DATA:

-*-

Lemma gain_input_le x y i : nonneg x -> vle x y -> vle (gain_input x i) (gain_input y i).
Proof.
  intros Hx Hxy j; unfold gain_input, restrict.
  destruct (excluded_middle_informative (inI Ii i j)) as [Hj | _]; [| lra].
  destruct Hgain as (_ & HK & _); apply Kinf_le; auto.
Qed.

Lemma gain_input_linfp x i : nonneg x -> linfp (gain_input x i).
Proof.
  intros Hx; split.
  - intros j; unfold gain_input, restrict.
    destruct (excluded_middle_informative (inI Ii i j)) as [Hj | _]; [| lra].
    destruct Hgain as (_ & HK & _); apply Kinf_nonneg; auto.
  - apply (norm_le_of_finite_support (Ii i)), gain_input_support.
Qed.

Lemma mu_finite i s : linfp s -> (forall j, ~ In j (Ii i) -> s j = 0) -> is_finite (mu i s).
Proof. intros Hs Hsupp; destruct Hgain as (_ & _ & _ & _ & _ & _ & HM3 & _); now apply (HM3 i (Ii i)). Qed.

Lemma mu_real_le i s t : linfp s -> linfp t -> vle s t ->
  (forall j, ~ In j (Ii i) -> t j = 0) -> real (mu i s) <= real (mu i t).
Proof.
  intros Hs Ht Hst Hsupp.
  assert (Hsupp_s : forall j, ~ In j (Ii i) -> s j = 0).
  { intros j Hj; specialize (Hst j); rewrite (Hsupp j Hj) in Hst; pose proof (proj1 Hs j); lra. }
  destruct Hgain as (_ & _ & _ & _ & _ & HM2 & _).
  pose proof (HM2 i s t Hs Ht Hst) as Hle.
  rewrite <- (mu_finite i s Hs Hsupp_s), <- (mu_finite i t Ht Hsupp) in Hle; exact Hle.
Qed.

Lemma Gamma_nonneg x : nonneg x -> nonneg (G x).
Proof.
  intros Hx i; rewrite Gamma_gain_input.
  pose proof (gain_input_linfp x i Hx) as Hlin.
  destruct Hgain as (_ & _ & _ & Hpos & _).
  pose proof (Hpos i _ Hlin) as H0.
  rewrite <- (mu_finite i _ Hlin (gain_input_support x i)) in H0; exact H0.
Qed.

-*-

Extract every entry above as it appears.

RESULT:
Lemma gain_input_le x y i : nonneg x -> vle x y -> vle (gain_input x i) (gain_input y i).
Proof.
  intros Hx Hxy j; unfold gain_input, restrict.
  destruct (excluded_middle_informative (inI Ii i j)) as [Hj | _]; [| lra].
  destruct Hgain as (_ & HK & _); apply Kinf_le; auto.
Qed.

Lemma gain_input_linfp x i : nonneg x -> linfp (gain_input x i).
Proof.
  intros Hx; split.
  - intros j; unfold gain_input, restrict.
    destruct (excluded_middle_informative (inI Ii i j)) as [Hj | _]; [| lra].
    destruct Hgain as (_ & HK & _); apply Kinf_nonneg; auto.
  - apply (norm_le_of_finite_support (Ii i)), gain_input_support.
Qed.

Lemma mu_finite i s : linfp s -> (forall j, ~ In j (Ii i) -> s j = 0) -> is_finite (mu i s).
Proof. intros Hs Hsupp; destruct Hgain as (_ & _ & _ & _ & _ & _ & HM3 & _); now apply (HM3 i (Ii i)). Qed.

Lemma mu_real_le i s t : linfp s -> linfp t -> vle s t ->
  (forall j, ~ In j (Ii i) -> t j = 0) -> real (mu i s) <= real (mu i t).
Proof.
  intros Hs Ht Hst Hsupp.
  assert (Hsupp_s : forall j, ~ In j (Ii i) -> s j = 0).
  { intros j Hj; specialize (Hst j); rewrite (Hsupp j Hj) in Hst; pose proof (proj1 Hs j); lra. }
  destruct Hgain as (_ & _ & _ & _ & _ & HM2 & _).
  pose proof (HM2 i s t Hs Ht Hst) as Hle.
  rewrite <- (mu_finite i s Hs Hsupp_s), <- (mu_finite i t Ht Hsupp) in Hle; exact Hle.
Qed.

Lemma Gamma_nonneg x : nonneg x -> nonneg (G x).
Proof.
  intros Hx i; rewrite Gamma_gain_input.
  pose proof (gain_input_linfp x i Hx) as Hlin.
  destruct Hgain as (_ & _ & _ & Hpos & _).
  pose proof (Hpos i _ Hlin) as H0.
  rewrite <- (mu_finite i _ Hlin (gain_input_support x i)) in H0; exact H0.
Qed.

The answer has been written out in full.